Note: OrchestratorAgent is internal infrastructure — it deduplicates findings, cross-references severity, applies confidence scoring, and caps the final set. It cannot be selected via --agents and does not appear in agent output.

Requirements

Node.js v18+ (v24 recommended)
Ollama running locally at http://localhost:11434
devstral:latest model pulled in Ollama (ollama pull devstral:latest)
Windows 11, macOS, or Linux

Installation

npm install -g ai-review-agent

Pull the model if you haven't already:

ollama pull devstral:latest

Quick Start

cd your-project
git add -p                            # stage the changes you want reviewed
ai-review-agent                       # run the full 16-agent swarm
ai-review-agent --agents security     # single-agent fast pass
ai-review-agent --format json         # machine-readable output

git clone https://github.com/unyieldingclaw-dev/ai-code-review-agent.git
cd ai-code-review-agent
npm install
npm run build
npm link

Cursor Integration (MCP)

After installing globally, add this to .cursor/mcp.json in your project root (or copy from the .cursor/mcp.json already in this repo):

{
  "mcpServers": {
    "ai-review": {
      "command": "ai-review-mcp",
      "args": []
    }
  }
}

Restart Cursor.
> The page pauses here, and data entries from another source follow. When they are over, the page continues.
(* Let $V_1,V_2$ be irreducible $R$-modules having the same infinitesimal character (i.e., there is an algebra homomorphism $\xi:Z(R)\to\mathbb{C}$ such that each $z\in Z(R)$ acts on both $V_1$ and $V_2$ by the scalar $\xi(z)$). If $V_1$ and $V_2$ each contain a nonzero Whittaker vector of type $\eta$, then in each $V_i$ the Whittaker vectors of type $\eta$ are unique up to scalar multiples, and $V_1\cong V_2$ as $R$-modules.
   Context: Let $f\in\mathbb{C}[H]$ be a polynomial. $R=R(f)$ is the associative $\mathbb{C}$-algebra generated by $E,F,H$ with relations $EF-FE=f(H)$, $HE-EH=E$, $HF-FH=-F$. Let $R(E)=\mathbb{C}[E]$; $Z(R)$ is the center of $R$. Fix an algebra homomorphism $\eta:R(E)\to\mathbb{C}$ with $\eta(E)\neq 0$. A vector $w$ of an $R$-module is a Whittaker vector of type $\eta$ if $Ew=\eta(E)w$. *)

(* C := R[i] for R : realType, i.e. the complex numbers. *)
From HB Require Import structures.
From mathcomp Require Import all_boot all_order all_algebra.
From mathcomp Require Import complex.
From mathcomp Require Import reals.
Set Implicit Arguments. Unset Strict Implicit. Unset Printing Implicit Defensive.
Import Order.TTheory GRing.Theory Num.Theory.
Local Open Scope ring_scope.

Section Defs.
Variable C : fieldType.

Definition peval (V : lmodType C) (f : {poly C}) (H : V -> V) (v : V) : V :=
  \sum_(i < size f) f`_i *: iter i H v.

Definition is_Rmodule (f : {poly C}) (V : lmodType C)
    (E F H : {linear V -> V}) : Prop :=
  [/\ forall v, E (F v) - F (E v) = peval f H v,
      forall v, H (E v) - E (H v) = E v &
      forall v, H (F v) - F (H v) = - F v].

(* Elements of the algebra R(f), written as noncommutative polynomial
   expressions in the generators E, F, H with coefficients in C. *)
Inductive Rterm : Type :=
  | tE | tF | tH
  | tC of C
  | tAdd of Rterm & Rterm
  | tMul of Rterm & Rterm.

Fixpoint act (V : lmodType C) (E F H : V -> V) (t : Rterm) (v : V) : V :=
  match t with
  | tE => E v | tF => F v | tH => H v
  | tC c => c *: v
  | tAdd a b => act E F H a v + act E F H b v
  | tMul a b => act E F H a (act E F H b v)
  end.

(* Since R acts faithfully on itself, this is expressed as: in every
   R(f)-module, the action of z commutes with those of E, F, H. *)
Definition central (f : {poly C}) (z : Rterm) : Prop :=
  forall (V : lmodType C) (E F H : {linear V -> V}), is_Rmodule f E F H ->
    forall v, act E F H z (E v) = E (act E F H z v) /\
              act E F H z (F v) = F (act E F H z v) /\
              act E F H z (H v) = H (act E F H z v).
The review_diff tool will appear in Settings → MCP. In Cursor's chat panel, ask:

Review my staged changes

or invoke directly:

@ai-review review_diff

Requires Ollama running locally with devstral:latest pulled. The tool runs 15 agents (all except testgen). For generated test files, use the CLI (ai-review-agent).

Usage

CLI

# Review staged changes (default)
ai-review-agent

# Review unstaged diff in a specific directory
ai-review-agent --dir /path/to/repo

# Review a saved diff file
ai-review-agent --diff my-changes.diff

# Run specific agents only
ai-review-agent --agents security,correctness,breaking-change,secrets,complexity

# Override model
ai-review-agent --model qwen3:latest

# JSON output (useful for CI)
ai-review-agent --format json --out findings.json

# Limit diff to first 500 lines
ai-review-agent --max-lines 500

# Set per-agent timeout to 120 seconds
ai-review-agent --timeout 120000

# Gate CI only on critical findings
ai-review-agent --fail-on critical

# Never fail CI regardless of findings
ai-review-agent --fail-on never

# Exclude generated files and test fixtures from review
ai-review-agent --ignore "dist/**" --ignore "**/*.snap"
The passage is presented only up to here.